An IRP must include the following:
(1) At least a twenty (20) year future period
for predicted or forecasted analyses.
(2) An analysis of historical and forecasted
levels of peak demand and energy usage in compliance with section 5(a) of this
rule.
(3) At least three (3)
alternative forecasts of peak demand and energy usage in compliance with
section 5(b) of this rule.
(4) A
description of the utility's existing resources in compliance with section 6(a)
of this rule.
(5) A description of
the utility's process for selecting possible alternative future resources for
meeting future demand for electric service, including a cost-benefit analysis,
if performed.
(6) A description of
the possible alternative future resources for meeting future demand for
electric service in compliance with section 6(b) of this rule.

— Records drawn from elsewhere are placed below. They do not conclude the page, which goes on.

(* Let $\mathcal G=(\mathcal V,\mathcal E)$ be a weakly connected digraph and let $e$ be a tight edge of $\mathcal G$. Then $\gamma(\mathcal G+e)=\gamma(\mathcal G)-1$, where $\mathcal G+e=(\mathcal V,\mathcal E\cup\{e\})$.
   Context: For a strongly connected component (SCC) $\mathcal S$ of a digraph $(\mathcal V,\mathcal E)$, let $\mathcal O_{\mathcal S}=\{(u,v)\in\mathcal E:u\in\mathcal S,v\notin\mathcal S\}$ and $\mathcal I_{\mathcal S}=\{(u,v)\in\mathcal E:u\notin\mathcal S,v\in\mathcal S\}$. $\mathcal S$ is a source SCC (s-SCC) if $\mathcal O_{\mathcal S}\neq\emptyset$ and $\mathcal I_{\mathcal S}=\emptyset$, and a target SCC (t-SCC) if $\mathcal O_{\mathcal S}=\emptyset$ and $\mathcal I_{\mathcal S}\neq\emptyset$. $\gamma(\mathcal G)$ is the maximum of the number of s-SCCs and the number of t-SCCs of $\mathcal G$. Write $a\rightsquigarrow b$ if there is a directed path from $a$ to $b$. If $\mathcal G$ has $\alpha$ s-SCCs and $\beta$ t-SCCs, an edge $(t,s)\in(\mathcal V\times\mathcal V)\setminus\mathcal E$ is tight if: (i) $s$ belongs to an s-SCC; (ii) $t$ belongs to a t-SCC; (iii) either $\alpha=1$ or there is $s'$ in an s-SCC different from that of $s$ with $s'\rightsquigarrow t$; (iv) either $\beta=1$ or there is $t'$ in a t-SCC different from that of $t$ with $s\rightsquigarrow t'$. *)

From mathcomp Require Import all_boot.
Set Implicit Arguments. Unset Strict Implicit. Unset Printing Implicit Defensive.

Section Digraph.
Variable V : finType.
Variable E : rel V.

Definition reach (a b : V) : bool := connect E a b.

Definition scc (x : V) : {set V} := [set y | reach x y && reach y x].

Definition is_scc (S : {set V}) : bool := [exists x, S == scc x].

Definition out_edges (S : {set V}) : {set V * V} :=
  [set p | E p.1 p.2 && (p.1 \in S) && (p.2 \notin S)].
Definition in_edges (S : {set V}) : {set V * V} :=
  [set p | E p.1 p.2 && (p.1 \notin S) && (p.2 \in S)].

Definition is_sSCC (S : {set V}) : bool :=
  [&& is_scc S, out_edges S != set0 & in_edges S == set0].
Definition is_tSCC (S : {set V}) : bool :=
  [&& is_scc S, out_edges S == set0 & in_edges S != set0].

Definition n_sSCC : nat := #|[set S : {set V} | is_sSCC S]|.
Definition n_tSCC : nat := #|[set S : {set V} | is_tSCC S]|.

Definition gamma : nat := maxn n_sSCC n_tSCC.

Definition weakly_connected : Prop :=
  forall x y : V, connect [rel a b | E a b || E b a] x y.

Definition tight (t s : V) : Prop :=
  [/\ ~~ E t s,
      is_sSCC (scc s),
      is_tSCC (scc t),
      n_sSCC = 1 \/ exists s' : V, [/\ is_sSCC (scc s'), scc s' != scc s & reach s' t]
    & n_tSCC = 1 \/ exists t' : V, [/\ is_tSCC (scc t'), scc t' != scc t & reach s t']].
End Digraph.

Definition add_edge (V : finType) (E : rel V) (t s : V) : rel V :=
  [rel x y | E x y || ((x == t) && (y == s))].

From mathcomp Require Import all_boot zify.
Set Implicit Arguments. Unset Strict Implicit. Unset Printing Implicit Defensive.

(* Adding the edge (t, s) only creates the new paths x ~> t -> s ~> y.  Hence
   a component avoiding s and t is a source before iff it is one after, while
   t never lies in a source: the number of s-SCCs drops by one, unless the new
   component of s is again a source.  By tightness (iii) that can only
   happen if s was the unique source; then t lies in the new component of s, so
   t is no longer in a target, and the out-edge of that component leads to a
   target other than that of t (by weak connectivity every vertex reaches a
   target), so gamma still drops by one.  Reversing all edges swaps sources
   and targets, which gives the symmetric case. *)

Section Digraph.
Variables (V : finType) (G : rel V).
Implicit Types (C : {set V}) (x y z : V).

Lemma mem_scc x : x \in scc G x.
Proof. by rewrite inE /reach connect0. Qed.

Lemma scc_eq x y : y \in scc G x -> scc G y = scc G x.
Proof.
rewrite inE /reach => /andP[xy yx]; apply/setP => z; rewrite !inE /reach.
apply/andP/andP => [[yz zy]|[xz zx]]; split.
- exact: connect_trans xy yz.
- exact: connect_trans zy yx.
- exact: connect_trans yx xz.
- exact: connect_trans zx xy.
Qed.

Lemma is_scc_scc x : is_scc G (scc G x).
Proof. by apply/existsP; exists x. Qed.

Lemma sSCC_not_tSCC C : is_sSCC G C -> ~~ is_tSCC G C.
Proof. by case/and3P=> _ _ noin; rewrite /is_tSCC noin !andbF. Qed.

Lemma is_scc_memE C x : is_scc G C -> x \in C -> C = scc G x.
Proof. by move=> /existsP[y /eqP ->] /scc_eq ->. Qed.

Lemma in_edges0_reach C x y :
  in_edges G C == set0 -> x \in C -> reach G y x -> y \in C.
Proof.
move=> /eqP noin xC /connectP[p yp xE]; subst x; elim: p y yp xC => // z p IH y.
move=> /= /andP[Gyz zp] xC; have zC := IH z zp xC; apply: contraT => yC.
have: (y, z) \in in_edges G C by rewrite inE /= Gyz yC zC.
by rewrite noin inE.
Qed.

Lemma out_edges0_reach C x y :
  out_edges G C == set0 -> x \in C -> reach G x y -> y \in C.
Proof.
move=> /eqP noout xC /connectP[p xp ->]; elim: p x xC xp => // z p IH x xC.
move=> /= /andP[Gxz zp]; apply: IH zp; apply: contraT => zC.
have: (x, z) \in out_edges G C by rewrite inE /= Gxz xC zC.
by rewrite noout inE.
Qed.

(7) The resource screening analysis and
resource summary table required by section 7 of this rule.
(8) A description of the candidate resource
portfolios and the process for developing candidate resource portfolios in
compliance with section 8(a) and 8(b) of this rule.
(9) A description of the utility's preferred
resource portfolio and the information required by section 8(c) of this
rule.
(10) A short term action plan
for the next three (3) year period to implement the utility's preferred
resource portfolio and its workable strategy, pursuant to section 9 of this
rule.
(11) A discussion of the:
(A) inputs;
(B) methods; and
(C) definitions; used by the utility in the
IRP.
(12) Appendices of
the data sets and data sources used to establish alternative forecasts in
section 5(b) of this rule. If the IRP references a third-party data source, the
IRP must include for the relevant data:
(A)
source title;
(B) author;
(C) publishing address;
(D) date;
(E) page number; and
(F) an explanation of adjustments made to the
data.
The data must be submitted within two (2) weeks of submitting the IRP in an editable format, such as a comma separated value or excel spreadsheet file.
(13) A description of the utility's effort to
develop and maintain a database of electricity consumption patterns,
disaggregated by:
(A) customer
class;
(B) rate class;
(C) NAICS code;
(D) DSM program; and
(E) end-use.
(14) The database in subdivision (13) may be
developed using, but not limited to, the following methods:
(A) Load research developed by the individual
utility.
(B) Load research
developed in conjunction with another utility.
(C) Load research developed by another
utility and modified to meet the characteristics of that utility.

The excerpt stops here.